Here is the gist of my problem. files has the type signature of a seq of a triple (a:string, b:string,c:Int64). Being new to f# I'm still not fluent in expressing type signatures (or for that matter understanding them). a is a filename, b is an internal identifier, and c is a value representing the length (size) of the file. baseconfig is a string from earlier in the code.
ignore(files
|> Seq.filter( fun(x,y,z) -> y = baseconfig) // used to filter only files we want
|> Seq.fold( fun f n ->
if( (fun (_,_,z) -> z) n > 50L*1024L*1024L) then
zipfilex.Add((fun (z:string, _, _) -> z) n)
printfn("Adding 50mb to zip")
zipfilex.CommitUpdate()
zipfilex.BeginUpdate()
("","",0L)
else
zipfilex.Add((fun (z, _, _) -> z) n)
("", "", (fun (_, _, z:Int64) -> z) n + (fun (_, _, z:Int64) -> z) f)
) ("","",0L)
)
What this chunk of code is supposed to do, is iterate through each file in files, add it to a zip archive (but not really, it just goes on a list to be committed later), and when the files exceed 50MB, commit the currently pending files to the zip archive. Adding a file is cheap, committing is expensive, so I try to mitigate the cost by batching it.
So far the code kinda works... Except for the ObjectDisposedException I got when it approached 150MB of committed files. But I'm not sure this is the right way to do such an operation. It feels like I'm using Seq.fold in a unconventional way, but yet, I don't know of a better way to do it.
Bonus question: Is there a better way to snipe values out of tuples? fst and snd only work for 2 valued tuples, and I realize you can define your own functions instead of inline them like I did, but it seems there should be a better way.
Update: My previous attempts at fold, I couldn't understand why I couldn't just use an Int64 as an accumulator. Turns out I was missing some critical parenthesis. Little simpler version below. Also eliminates all the crazy tuple extraction.
ignore(foundoldfiles
|> Seq.filter( fun (x,y,z) -> y = baseconfig)
|> Seq.fold( fun (a) (f,g,j) ->
zipfilex.Add( f)
if( a > 50L*1024L*1024L) then
printfn("Adding 50mb to zip")
zipfilex.CommitUpdate()
zipfilex.BeginUpdate()
0L
else
a + j
) 0L
)
Update 2: I'm going to have to go with an imperative solution, F# is somehow re-entering this block of code, after the zip file is closed in the statement which follows it. Which explains the ObjectDisposedException. No idea how that works or why.
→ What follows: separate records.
Lemma packing_step W f z x y k : permutes W f -> z \in W -> x \in W -> y \in W ->
  x != y -> z != x -> z != y ->
  ((f z == x) || (f z == y) -> f (f z) = z -> exists2 u, u \in W & f u = u) ->
  (forall g, permutes (W :\ z) g -> packing (compl_fun_arcs (W :\ z) g) [set x; y] k) ->
  packing (compl_fun_arcs W f) [set x; y] k.+1.
Proof.
move=> f_perm zW xW yW xy zx zy fixf IHz.
have IHz' g : permutes (W :\ z) g -> packing (compl_fun_arcs (W :\ z) g) [set y; x] k.
  by rewrite setUC; apply: IHz.
have yx : y != x by rewrite eq_sym.
case: (eqVneq (f z) x) => [fzx | fzx].
  apply: (packing_step_succ (z := z)) => // fx; by apply: fixf; rewrite fzx ?fx ?eqxx.
case: (eqVneq (f z) y) => [fzy | fzy].
  rewrite setUC; apply: (packing_step_succ (z := z)) => // fy.
  by apply: fixf; rewrite fzy ?fy ?eqxx ?orbT.
have [p pW fp] := permutes_preimage f_perm zW.
case: (eqVneq p x) => [px | px]; first by subst p; apply: (packing_step_pred (z := z)).
case: (eqVneq p y) => [py | py].
  by subst p; rewrite setUC; apply: (packing_step_pred (z := z)).
apply: (packing_step_generic (z := z)) => //.
  by rewrite -fp (permutes_neq f_perm xW pW) // eq_sym.
by rewrite -fp (permutes_neq f_perm yW pW) // eq_sym.
Qed.

(* Every vertex but x and y forms a 2-cycle with x or y, hence #|W| <= 4. *)
Lemma packing_paired_2cycles W f x y z0 k : permutes W f -> #|W| = k.+3 ->
  x \in W -> y \in W -> z0 \in W -> x != y -> z0 != x -> z0 != y ->
  f z0 = x -> f x = z0 -> {in W, forall z, z != x -> z != y -> (f z == x) || (f z == y)} ->
  packing (compl_fun_arcs W f) [set x; y] k.+1.
Proof.
move=> f_perm cardW xW yW z0W xy z0x z0y fz0 fx paired.
have fy : f y != x by rewrite -fz0 (permutes_neq f_perm yW z0W) // eq_sym.
have fK u v : u \in W -> v \in W -> f u = f v -> u = v by apply: f_perm.2.
have pack_xy (E : {set T * T}) : (x, y) \in E -> (y, x) \in E -> packing E [set x; y] 1.
  move=> xyE yxE; apply: (packing_add_cycles (sub0set E) (packing0 _ _)
    (cs := [:: [:: x; y]])) => //=; first by rewrite xyE yxE !inE.
  by apply/subsetP=> v; rewrite !inE.
case: k cardW => [|k] cardW.
  by apply: pack_xy; rewrite in_compl_fun_arcs ?fx; split_arcs.
have [z1 z1W] : exists2 z1, z1 \in W & z1 \notin [:: x; y; z0].
  by apply: exists_notin; rewrite cardW.
rewrite !inE !negb_or => /and3P[z1x z1y z1z0].
have fz1 : f z1 = y.
  have /orP[/eqP fz1x|/eqP //] := paired z1 z1W z1x z1y.
  by move/eqP: z1z0; case; apply: fK; rewrite ?fz0.
case: k cardW => [|k] cardW; last first.
  have [z2 z2W] : exists2 z2, z2 \in W & z2 \notin [:: x; y; z0; z1].
    by apply: exists_notin; rewrite cardW.
  rewrite !inE !negb_or => /and4P[z2x z2y z2z0 z2z1].
  case/orP: (paired z2 z2W z2x z2y) => /eqP fz2.
    by move/eqP: z2z0; case; apply: fK; rewrite ?fz0.
  by move/eqP: z2z1; case; apply: fK; rewrite ?fz1.
have fyz0 : f y != z0 by rewrite -fx (permutes_neq f_perm yW xW) // eq_sym.
apply: (packing_add_cycles _ (pack_xy [set (x, y); (y, x)] _ _)
  (cs := [:: [:: z1; z0]; [:: x; z1]; [:: z0; y]])); rewrite ?inE ?eqxx ?orbT //.
- by apply/subsetP=> p; rewrite !inE => /orP[] /eqP->; rewrite /= ?fx; split_arcs.
- mem_ok.
- rewrite /= !in_compl_fun_arcs !inE !xpair_eqE (negbTE z1x) (negbTE z1y) (negbTE z0x).
  rewrite (negbTE z0y) fz1 fz0 fx; split_arcs.
- by apply/subsetP=> v; rewrite !inE => /orP[]/eqP->; mem_ok.
Qed.

Lemma packing_compl_fun_arcs k W f x y : #|W| = k.+2 -> permutes W f ->
  x \in W -> y \in W -> x != y -> packing (compl_fun_arcs W f) [set x; y] k.
Proof.
elim: k W f => [|k IHk] W f cardW f_perm xW yW xy; first exact: packing0.
have IHz z : z \in W -> z != x -> z != y -> forall g, permutes (W :\ z) g ->
    packing (compl_fun_arcs (W :\ z) g) [set x; y] k.
  move=> zW zx zy g g_perm; apply: IHk => //; rewrite ?in_setD1 1?eq_sym ?zx ?zy //.
  by move: (cardsD1 z W); rewrite zW cardW => -[].
pose paired z := ((f z == x) || (f z == y)) && (f (f z) == z).
pose has_fixpoint := [exists u in W, f u == u].
have [z /and4P[zW zx zy z_ok] | all_paired] :=
  pickP [pred v | [&& v \in W, v != x, v != y & ~~ paired v || has_fixpoint]].
  apply: (packing_step f_perm zW xW yW xy zx zy _ (IHz z zW zx zy)) => fz ffz.
  move: z_ok; rewrite /paired fz ffz eqxx /= => /exists_inP[u uW /eqP fu].
  by exists u.
have paired_out z : z \in W -> z != x -> z != y -> paired z && ~~ has_fixpoint.
  move=> zW zx zy; move: (all_paired z); rewrite /= zW zx zy /= => /negbT.
  by rewrite negb_or negbK.
have [z0 z0W] : exists2 z0, z0 \in W & z0 \notin [:: x; y].
  by apply: exists_notin; rewrite cardW.
rewrite !inE negb_or => /andP[z0x z0y].
have /andP[/andP[fz0 /eqP ffz0] _] := paired_out z0 z0W z0x z0y.
have fzxy : {in W, forall z, z != x -> z != y -> (f z == x) || (f z == y)}.
  by move=> z zW zx zy; case/andP: (paired_out z zW zx zy) => /andP[].
case/orP: fz0 => /eqP fz0; rewrite fz0 in ffz0.
  exact: packing_paired_2cycles f_perm cardW xW yW z0W xy z0x z0y fz0 ffz0 fzxy.
rewrite setUC; apply: (packing_paired_2cycles f_perm cardW yW xW z0W _ z0y z0x fz0 ffz0).
  by rewrite eq_sym.
by move=> z zW zy zx; rewrite orbC; apply: fzxy.
Qed.
End LowerBound.
Lemma conj_list_app l1 l2 :
  GLP (Imp (conj_list (l1 ++ l2)) (And (conj_list l1) (conj_list l2))).
Proof.
  induction l1 as [|x l1 IH]; simpl; [taut|].
  premise IH. taut.
Qed.

Definition entails (G : form -> Prop) (f : form) : Prop :=
  exists l, (forall x, In x l -> G x) /\ GLP (Imp (conj_list l) f).

Lemma entails_GLP G f : GLP f -> entails G f.
Proof. intro H. exists []. split; [intros _ []|]. premise H. taut. Qed.

Lemma entails_member (G : form -> Prop) f : G f -> entails G f.
Proof. intro H. exists [f]. split; [intros x [<-|[]]; exact H|]. taut. Qed.

Lemma entails_mono (G H : form -> Prop) f :
  (forall x, G x -> H x) -> entails G f -> entails H f.
Proof. intros GH [l [Hl Hf]]. exists l. auto. Qed.

Lemma entails_mp G a b : entails G (Imp a b) -> entails G a -> entails G b.
Proof.
  intros [l1 [H1 D1]] [l2 [H2 D2]]. exists (l1 ++ l2). split.
  - intros x Hx. apply in_app_or in Hx as [Hx|Hx]; auto.
  - premise D1. premise D2. premise (conj_list_app l1 l2). taut.
Qed.

Definition extend (G : form -> Prop) (f : form) : form -> Prop := fun y => G y \/ y = f.

Lemma conj_list_split G f l : (forall x, In x l -> extend G f x) ->
  exists l1, (forall x, In x l1 -> G x) /\ GLP (Imp (conj_list l1) (Imp f (conj_list l))).
Proof.
  induction l as [|y l IH]; intros Hl.
  - exists []. split; [intros _ []|taut].
  - destruct IH as [l1 [H1 D]]; [intros x Hx; apply Hl; simpl; auto|].
    destruct (Hl y (or_introl eq_refl)) as [Gy| ->].
    + exists (y :: l1). split; [intros x [<-|Hx]; auto|]. premise D. taut.
    + exists l1. split; [exact H1|]. premise D. taut.
Qed.

Lemma entails_extend G f b : entails (extend G f) b -> entails G (Imp f b).
Proof.
  intros [l [Hl D]]. destruct (conj_list_split G f l Hl) as [l1 [H1 D1]].
  exists l1. split; [exact H1|]. premise D. premise D1. taut.
Qed.

Definition consistent (G : form -> Prop) : Prop := ~ entails G Bot.

Lemma consistent_sub (G H : form -> Prop) :
  (forall x, G x -> H x) -> consistent H -> consistent G.
Proof. intros GH C D. exact (C (entails_mono G H Bot GH D)). Qed.

Lemma inconsistent_extend G f : ~ consistent (extend G f) -> entails G (Neg f).
Proof. intro N. apply entails_extend. exact (NNPP _ N). Qed.

Definition maximal_consistent (w : form -> Prop) : Prop :=
  consistent w /\ forall f, w f \/ w (Neg f).

Lemma maximal_consistent_closed w f : maximal_consistent w -> entails w f -> w f.
Proof.
  intros [C M] D. destruct (M f) as [Hf|Hn]; [exact Hf|].
  exfalso. exact (C (entails_mp w f Bot (entails_member w _ Hn) D)).
Qed.

Fixpoint form_code (f : form) : nat :=
  match f with
  | Var n => to_nat (0, n)
  | Bot => to_nat (1, 0)
  | Imp a b => to_nat (2, to_nat (form_code a, form_code b))
  | Box k a => to_nat (3, to_nat (k, form_code a))
  end.

Lemma to_nat_inj (x y : nat * nat) : to_nat x = to_nat y -> x = y.
Proof. intro H. rewrite <- (cancel_of_to x), <- (cancel_of_to y), H. reflexivity. Qed.
(* Let $B$ be a board with set of sinks $S$. If the extended full tilt graph $\hat G_F(B)$ (with sinks $S$) contains an arborescence of weight $w$ converging to its root, then the extended large tilt graph $\hat G_L(B,S)$ contains an arborescence of weight at most $w$ converging to its root.
   Context: Pixels are unit squares indexed by $\mathbb{Z}^2$. A board $B=(V,E)$ is a finite subgraph of the square grid graph on $\mathbb{Z}^2$; its boundary consists of pixel sides not shared with a neighbouring pixel joined by an edge of $E$. $S\subseteq V$ are sinks. For a pixel $p$, its row (column) segment is the maximal set of pixels reachable from $p$ using only horizontal (vertical) edges of $E$; $p^\ell,p^r$ are the leftmost/rightmost pixels of its row segment and $p^u,p^d$ the topmost/bottommost pixels of its column segment. The full tilt graph $G_F(B)$ has vertex set $V$ and edges $(p,p^x)$ for $x\in\{\ell,r,u,d\}$, $p^x\ne p$. A corner pixel is a pixel $p$ with $p=p^x=p^y$ for some $x\in\{\ell,r\}$, $y\in\{u,d\}$. The large tilt graph $G_L(B,S)$ is the subgraph of $G_F(B)$ induced by the vertex set consisting of (i) all pixels reachable in $G_F(B)$ from corner pixels, (ii) every sink $s$ and $s^\ell,s^r,s^u,s^d$, (iii) for every reflex corner of the boundary, the endpoints of the row and column segments of the pixels incident to that corner, (iv) all pixels on the intersection of a row segment and a column segment each containing a pixel included in (i)–(iii). Extended graph: for a directed graph $G$ with sinks $S$, $\hat G$ has vertex set $V(G)\cup\{r\}$ with new root $r$ and edges: every edge of $G$ with weight $0$; for every edge $(p,q)$ of $G$ with $(q,p)$ not an edge of $G$, the inverse edge $(q,p)$ with weight $1$; and $(s,r)$ with weight $0$ for $s\in S$. An arborescence converging to $r$ is a spanning subgraph in which every vertex other than $r$ has exactly one outgoing edge and a directed path to $r$; its weight is the sum of its edge weights. *)

From mathcomp Require Import all_boot all_algebra.
Set Implicit Arguments. Unset Strict Implicit. Unset Printing Implicit Defensive.
Import GRing.Theory Num.Theory.
Local Open Scope ring_scope.
(** (6) Boundedness: finite chains (duplicate-free lists of pairwise
    comparable elements) have uniformly bounded length |C| - 1. *)
Definition poset_bounded : Prop :=
  exists N : nat, forall s : seq X,
    List.NoDup s ->
    (forall a b, List.In a s -> List.In b s -> le a b \/ le b a) ->
    ((size s).-1 <= N)%N.

End FinitaryIncidence.

From Pilot Require Import Defs.
From mathcomp Require Import all_boot all_algebra ring.
From Stdlib Require Import ClassicalEpsilon FunctionalExtensionality Classical.
From Stdlib Require List Permutation FinFun.

(* Let J_k consist of the elements of FI(X,K) supported on pairs (x, y) joined by a
   chain x = x_0 < x_1 < ... < x_k <= y. Then J_j J_k is contained in J_(j+k); the
   commutator of two elements of J_k lies in J_(k+1), because diagonal entries multiply
   like scalars; and the group commutator of two units in 1 + J_k lies in 1 + J_(k+1)
   (in 1 + J_1 for arbitrary units). If all chains are shorter than N then J_N = 0, so
   both Lie derived series and the derived series of the unit group vanish after N
   steps, and the product of commutators [x_0, x_1] ... [x_(2N-2), x_(2N-1)] is a
   polynomial identity; a solvable unit group satisfies an iterated commutator word.

   Conversely, a long chain c_0 < ... < c_m carries a copy of the upper triangular
   (m+1) x (m+1) matrices. The matrix units along a chain of length 2^n survive n
   steps of the Lie derived series; shift matrices substituted into a nonzero polynomial
   isolate the coefficient of one of its monomials in the corner entry (0, m); and a
   reduced group word w of length L, evaluated at suitable unipotent matrices with
   m = 2L, has corner entry (-1)^L. *)

Set Implicit Arguments.
Unset Strict Implicit.
Unset Printing Implicit Defensive.
Import GRing.Theory.
Local Open Scope ring_scope.

Section FiniteSums.
Variable K : fieldType.

Lemma big_Permutation (I : Type) (F : I -> K) s1 s2 :
  Permutation.Permutation s1 s2 -> \sum_(i <- s1) F i = \sum_(i <- s2) F i.
Proof.
elim=> [|x l l' _ IH|x y l|l l' l'' _ IH1 _ IH2] //.
- by rewrite !big_cons IH.
- by rewrite !big_cons addrCA.
- by rewrite IH1 IH2.
Qed.

Lemma big_filter_neq0 (I : Type) (F : I -> K) (s : seq I) :
  \sum_(i <- s) F i = \sum_(i <- [seq i <- s | F i != 0]) F i.
Proof.
elim: s => [|a s IH] //=; rewrite big_cons IH.
by case: (eqVneq (F a) 0) => [->|_] /=; rewrite ?add0r ?big_cons.
Qed.

Lemma In_filter (I : Type) (p : pred I) (s : seq I) i :
  List.In i (filter p s) <-> List.In i s /\ p i.
Proof.
elim: s => [|a s IH] /=; first by split => [[]|[]].
case Hp: (p a) => /=; split.
- by case=> [<-|/IH []]; [split; [left|]|split; [right|]].
- by case=> [[<-|Hi] pi]; [left|right; apply/IH].
- by move/IH => [Hi pi]; split; [right|].
- by case=> [[<-|Hi] pi]; [rewrite Hp in pi|apply/IH].
Qed.

Lemma NoDup_filter (I : Type) (p : pred I) (s : seq I) :
  List.NoDup s -> List.NoDup (filter p s).
Proof.
elim: s => [|a s IH] //= nd; inversion nd; subst.
case: (p a); last exact: IH.
by constructor; [move/In_filter => []|exact: IH].
Qed.

Lemma big_neq0_In (I : Type) (F : I -> K) (s : seq I) :
  \sum_(i <- s) F i <> 0 -> exists i, List.In i s /\ F i <> 0.
Proof.
elim: s => [|a s IH]; first by rewrite big_nil.
rewrite big_cons; case: (eqVneq (F a) 0) => [->|/eqP Fa] H.
- by rewrite add0r in H; have [i [Hi Fi]] := IH H; exists i; split; [right|].
- by exists a; split; [left|].
Qed.

Lemma NoDup_cover (I : Type) (s : seq I) :
  exists s', List.NoDup s' /\ forall i, List.In i s -> List.In i s'.
Proof.
pose dec := fun x y : I => excluded_middle_informative (x = y).
exists (List.nodup dec s); split; first exact: List.NoDup_nodup.
by move=> i Hi; apply/List.nodup_In.
Qed.

Lemma fsumE (I : Type) (f : I -> K) (s : seq I) :
  List.NoDup s -> (forall i, f i <> 0 -> List.In i s) ->
  fsum f = \sum_(i <- s) f i.
Proof.
move=> nd cov; rewrite /fsum.
case: excluded_middle_informative => [H|H]; last by case: H; exists s.
case: (constructive_indefinite_description _ H) => s0 [nd0 cov0] /=.
rewrite (big_filter_neq0 f s0) (big_filter_neq0 f s).
apply: big_Permutation; apply: Permutation.NoDup_Permutation; try exact: NoDup_filter.
by move=> x; rewrite !In_filter; split=> -[_ /eqP fx]; split; try apply/eqP; auto.
Qed.

Lemma fsum_eq0 (I : Type) (f : I -> K) : (forall i, f i = 0) -> fsum f = 0.
Proof. by move=> f0; rewrite (@fsumE _ f [::]) ?big_nil //; constructor. Qed.

Lemma fsum_neq0 (I : Type) (f : I -> K) : fsum f <> 0 -> exists i, f i <> 0.
Proof.
move=> H; apply: NNPP => nf; apply: H; apply: fsum_eq0 => i.
by apply: NNPP => fi; apply: nf; exists i.
Qed.

Lemma fsum_single (I : Type) (f : I -> K) i0 :
  (forall i, i <> i0 -> f i = 0) -> fsum f = f i0.
Proof.
move=> f0; rewrite (@fsumE _ f [:: i0]).
- by rewrite big_cons big_nil addr0.
- by constructor; [case|constructor].
- by move=> i fi; left; apply: NNPP => Ni; apply: fi; apply: f0 => E; apply: Ni.
Qed.

Lemma eq_fsum (I : Type) (f g : I -> K) : (forall i, f i = g i) -> fsum f = fsum g.
Proof. by move=> fg; rewrite (functional_extensionality f g fg). Qed.

Definition finite_support (I : Type) (f : I -> K) :=
  exists s : seq I, forall i, f i <> 0 -> List.In i s.

Lemma fsum_lincomb (I : Type) (f g : I -> K) k :
  finite_support f -> finite_support g ->
  fsum (fun i => f i + k * g i) = fsum f + k * fsum g.
Proof.
move=> [s1 H1] [s2 H2]; have [s [nd cov]] := NoDup_cover (s1 ++ s2).
have cf i : f i <> 0 -> List.In i s by move/H1 => Hi; apply/cov/List.in_or_app; left.
have cg i : g i <> 0 -> List.In i s by move/H2 => Hi; apply/cov/List.in_or_app; right.
rewrite (fsumE nd cf) (fsumE nd cg) (@fsumE _ _ s nd); first by rewrite big_split mulr_sumr.
move=> i Hi; case: (eqVneq (f i) 0) => [fi|/eqP]; last exact: cf.
by apply: cg => gi; apply: Hi; rewrite fi gi mulr0 addr0.
Qed.

Lemma mulf_neq0_inv (a b : K) : a * b <> 0 -> a <> 0 /\ b <> 0.
Proof. by move=> H; split => E; apply: H; rewrite E ?mul0r ?mulr0. Qed.

End FiniteSums.

Section ListMembership.
Variable T : eqType.

Lemma In_mem (x : T) s : List.In x s -> x \in s.
Proof. by elim: s => [|a s IH] //= [->|/IH]; rewrite inE ?eqxx // => ->; rewrite orbT. Qed.

Lemma mem_In (x : T) s : x \in s -> List.In x s.
Proof. by elim: s => [|a s IH] //; rewrite inE => /orP [/eqP ->|/IH]; [left|right]. Qed.

Lemma uniq_NoDup (s : seq T) : uniq s -> List.NoDup s.
Proof.
elim: s => [|a s IH] /=; first by constructor.
by case/andP => /negP Na /IH; constructor => // /In_mem.
Qed.

End ListMembership.

Lemma fsum_image (K : fieldType) (I : finType) (X : Type) (f : I -> X) (F : X -> K) :
  injective f -> (forall x, F x <> 0 -> exists i, f i = x) ->
  fsum F = \sum_i F (f i).
Proof.
move=> f_inj F_im; rewrite (@fsumE _ _ _ [seq f i | i <- index_enum I]) ?big_map //.
  exact/(FinFun.Injective_map_NoDup f_inj)/uniq_NoDup/index_enum_uniq.
by move=> x /F_im [i <-]; apply/List.in_map/mem_In; rewrite mem_index_enum.
Qed.

Section TriangularMatrices.
Variables (K : fieldType) (n : nat).
Local Notation MX := 'M[K]_n.+1.

Lemma mulmx_neq0 (A B : MX) p q :
  (A *m B) p q != 0 -> exists r, A p r != 0 /\ B r q != 0.
Proof.
rewrite mxE => /eqP /big_neq0_In [r [_ /mulf_neq0_inv [H1 H2]]].
by exists r; split; apply/eqP.
Qed.

Lemma big_ord_single (F : 'I_n.+1 -> K) t0 :
  (forall t, t != t0 -> F t = 0) -> \sum_t F t = F t0.
Proof. by move=> F0; apply: big_only1 => // t /F0. Qed.

Definition upper_mx (A : MX) := forall p q : 'I_n.+1, A p q != 0 -> (p <= q)%N.

Lemma upper_mx1 : upper_mx 1%:M.
Proof. by move=> p q; rewrite mxE; case: (eqVneq p q) => [->|_]; rewrite ?leqnn ?eqxx. Qed.

Lemma upper_mxD (A B : MX) : upper_mx A -> upper_mx B -> upper_mx (A + B).
Proof.
move=> UA UB p q; rewrite mxE; case: (eqVneq (A p q) 0) => [->|/UA //].
by rewrite add0r => /UB.
Qed.

Lemma upper_mxN (A : MX) : upper_mx A -> upper_mx (- A).
Proof. by move=> UA p q; rewrite mxE oppr_eq0 => /UA. Qed.

Lemma upper_mxM (A B : MX) : upper_mx A -> upper_mx B -> upper_mx (A *m B).
Proof.
move=> UA UB p q /mulmx_neq0 [r [/UA pr /UB rq]]; exact: leq_trans pr rq.
Qed.

Definition band_mx d (A : MX) := forall p q : 'I_n.+1, A p q != 0 -> (q <= p + d)%N.

Lemma band_mx1 d : band_mx d 1%:M.
Proof.
by move=> p q; rewrite mxE; case: (eqVneq p q) => [->|_]; rewrite ?leq_addr ?eqxx.
Qed.

Lemma band_mxD d (A B : MX) : band_mx d A -> band_mx d B -> band_mx d (A + B).
Proof.
move=> BA BB p q; rewrite mxE; case: (eqVneq (A p q) 0) => [->|/BA //].
by rewrite add0r => /BB.
Qed.

Lemma band_mxN d (A : MX) : band_mx d A -> band_mx d (- A).
Proof. by move=> BA p q; rewrite mxE oppr_eq0 => /BA. Qed.

Lemma band_mxM d1 d2 (A B : MX) :
  band_mx d1 A -> band_mx d2 B -> band_mx (d1 + d2) (A *m B).
Proof.
move=> BA BB p q /mulmx_neq0 [r [/BA pr /BB rq]].
by apply: leq_trans rq _; rewrite addnA leq_add2r.
Qed.

End TriangularMatrices.

Section FreeGroupWords.
Local Open Scope nat_scope.

Definition letter_inv (l : nat * bool) : nat * bool := (l.1, ~~ l.2).
Definition word_inv (w : seq (nat * bool)) := rev (map letter_inv w).
Definition noncancelling (l l' : nat * bool) : bool :=
  ~~ ((l.1 == l'.1) && (l.2 != l'.2)).

Lemma letter_invK : involutive letter_inv.
Proof. by case=> i b; rewrite /letter_inv negbK. Qed.

Lemma letter_inv_neq l : letter_inv l != l.
Proof. by case: l => i [] /=; rewrite /letter_inv -pair_eqE /= eqxx. Qed.

Lemma reduced_wordE w : reduced_word w = sorted noncancelling w.
Proof. by elim: w => [|l w IH] //=; case: w IH => [|l' w] //= ->. Qed.

Lemma sorted_word_inv w :
  sorted noncancelling w -> sorted noncancelling (word_inv w).
Proof.
rewrite /word_inv rev_sorted sorted_map; case: w => [|l w] //=.
rewrite (@eq_path _ _ noncancelling) // => -[i b] [j c].
by rewrite /relpre /noncancelling /letter_inv /= (eq_sym j i) (inj_eq negb_inj) (eq_sym c b).
Qed.

Lemma mem_word_inv w l : (l \in word_inv w) = (letter_inv l \in w).
Proof. by rewrite mem_rev -{1}(letter_invK l) (mem_map (can_inj letter_invK)). Qed.

Lemma sorted_noncancelling_cat (s1 s2 : seq (nat * bool)) :
  sorted noncancelling s1 -> sorted noncancelling s2 ->
  (forall a s b t, s1 = a :: s -> s2 = b :: t -> (last a s).1 != b.1) ->
  sorted noncancelling (s1 ++ s2).
Proof.
case: s1 => [|a s] //= S1; case: s2 => [|b t] /= S2 J; first by rewrite cats0.
by rewrite cat_path S1 /= S2 andbT /noncancelling (negbTE (J _ _ _ _ erefl erefl)).
Qed.

Lemma head_cat_mem (T : eqType) (s t u : seq T) b :
  s != [::] -> s ++ t = b :: u -> b \in s.
Proof. by case: s => //= a s _ [-> _]; rewrite mem_head. Qed.

(* The iterated commutator word delta_k on the variables off, ..., off + 2^k - 1:
   delta_0 = x_off and delta_(k+1) = [delta_k, delta_k'] with [u, v] = u^-1 v^-1 u v,
   delta_k' being delta_k shifted to the next 2^k variables. *)
Fixpoint derived_word (k off : nat) : seq (nat * bool) :=
  if k is k'.+1 then
    word_inv (derived_word k' off) ++ word_inv (derived_word k' (off + 2 ^ k')) ++
    derived_word k' off ++ derived_word k' (off + 2 ^ k')
  else [:: (off, false)].

Lemma derived_word_neq_nil k off : derived_word k off != [::].
Proof.
elim: k off => [|k IH] off //=.
by rewrite -!nilpE !cat_nilp [nilp (derived_word k off)]nilpE (negbTE (IH off)) !andbF.
Qed.

Lemma derived_word_vars k off l :
  l \in derived_word k off -> off <= l.1 < off + 2 ^ k.
Proof.
elim: k off l => [|k IH] off l /=.
  by rewrite inE => /eqP -> /=; rewrite leqnn addn1 ltnSn.
have E : off + 2 ^ k + 2 ^ k = off + 2 ^ k.+1 by rewrite expnS mul2n -addnn addnA.
have HA l' : l' \in derived_word k off -> off <= l'.1 < off + 2 ^ k.+1.
  by move/IH/andP => [-> /leq_trans]; apply; rewrite -E leq_addr.
have HB l' : l' \in derived_word k (off + 2 ^ k) -> off <= l'.1 < off + 2 ^ k.+1.
  by move/IH/andP => [/(leq_trans (leq_addr _ _)) -> /=]; rewrite E.
by rewrite !mem_cat !mem_word_inv => /or4P [/HA|/HB|/HA|/HB].
Qed.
As an alternative to the "dirty" imperative style, you can extend the Seq module with a general and reusable function for chunking. The function is a bit like fold, but it takes a lambda that returns option<'State>. If it returns None, then a new chunk is started and otherwise the element is added to the previous chunk. Then you can write an elegant solution:
files
|> Seq.filter(fun (x, y, z) -> y = baseconfig)
|> Seq.chunkBy(fun (x, y, z) sum ->
if sum + z > 50L*1024L*1024L then None
else Some(sum + z)) 0L
|> Seq.iter(fun files ->
zipfilex.BeginUpdate()
for f, _, _ in files do zipfilex.Add(f)
zipfilex.CommitUpdate())
The implementation of the chunkBy function is a bit longer - it needs to use IEnumerator directly & it can be expressed using recursion:
module Seq =
let chunkBy f initst (files:seq<_>) =
let en = files.GetEnumerator()
let rec loop chunk st = seq {
if not (en.MoveNext()) then
if chunk <> [] then yield chunk
else
match f en.Current st with
| Some(nst) -> yield! loop (en.Current::chunk) nst
| None ->
yield chunk
yield! loop [en.Current] initst }
loop [] initst

I don't think your problem benefits from the use of fold. It's most useful when building immutable structures. My opinion, in this case, is that it makes what you're trying to do less clear. The imperative solution works nicely:
let mutable a = 0L
for (f, g, j) in foundoldfiles do
if g = baseconfig then
zipfilex.Add(f)
if a > 50L * 1024L * 1024L then
printfn "Adding 50mb to zip"
zipfilex.CommitUpdate()
zipfilex.BeginUpdate()
a <- 0L
else
a <- a + j

Here's my take:
let inline zip a b = a, b
foundoldfiles
|> Seq.filter (fun (_, internalid, _) -> internalid = baseconfig)
|> zip 0L
||> Seq.fold (fun acc (filename, _, filesize) ->
zipfilex.Add filename
let acc = acc + filesize
if acc > 50L*1024L*1024L then
printfn "Adding 50mb to zip"
zipfilex.CommitUpdate ()
zipfilex.BeginUpdate ()
0L
else acc)
|> ignore
Some notes:
The zip helper function makes for a clean a pipeline through the entire function without any overhead, and in more complex scenarios helps with type inferrence since the state gets shifted from the right to the left side of the fold functor (though that doesn't matter or help in this particular case)
The use of _ to locally discard elements of the tuple that you don't need makes the code easier to read
The approach of pipelining into ignore rather than wrapping the entire expression with extra parenthesis makes the code easier to read
Wrapping the arguments of unary functions in parenthesis looks bizarre; you can't use parenthesis for non-unary curried functions, so using them for unary functions is inconsistent. My policy is to reserve parenthesis for constructor calls and tupled-function calls
EDIT: P.S. if( a > 50L*1024L*1024L) then is incorrect logic -- the if needs to take into account the accumulator plus the current filesize. E.g., if the first file was >= 50MB then the if wouldn't trigger.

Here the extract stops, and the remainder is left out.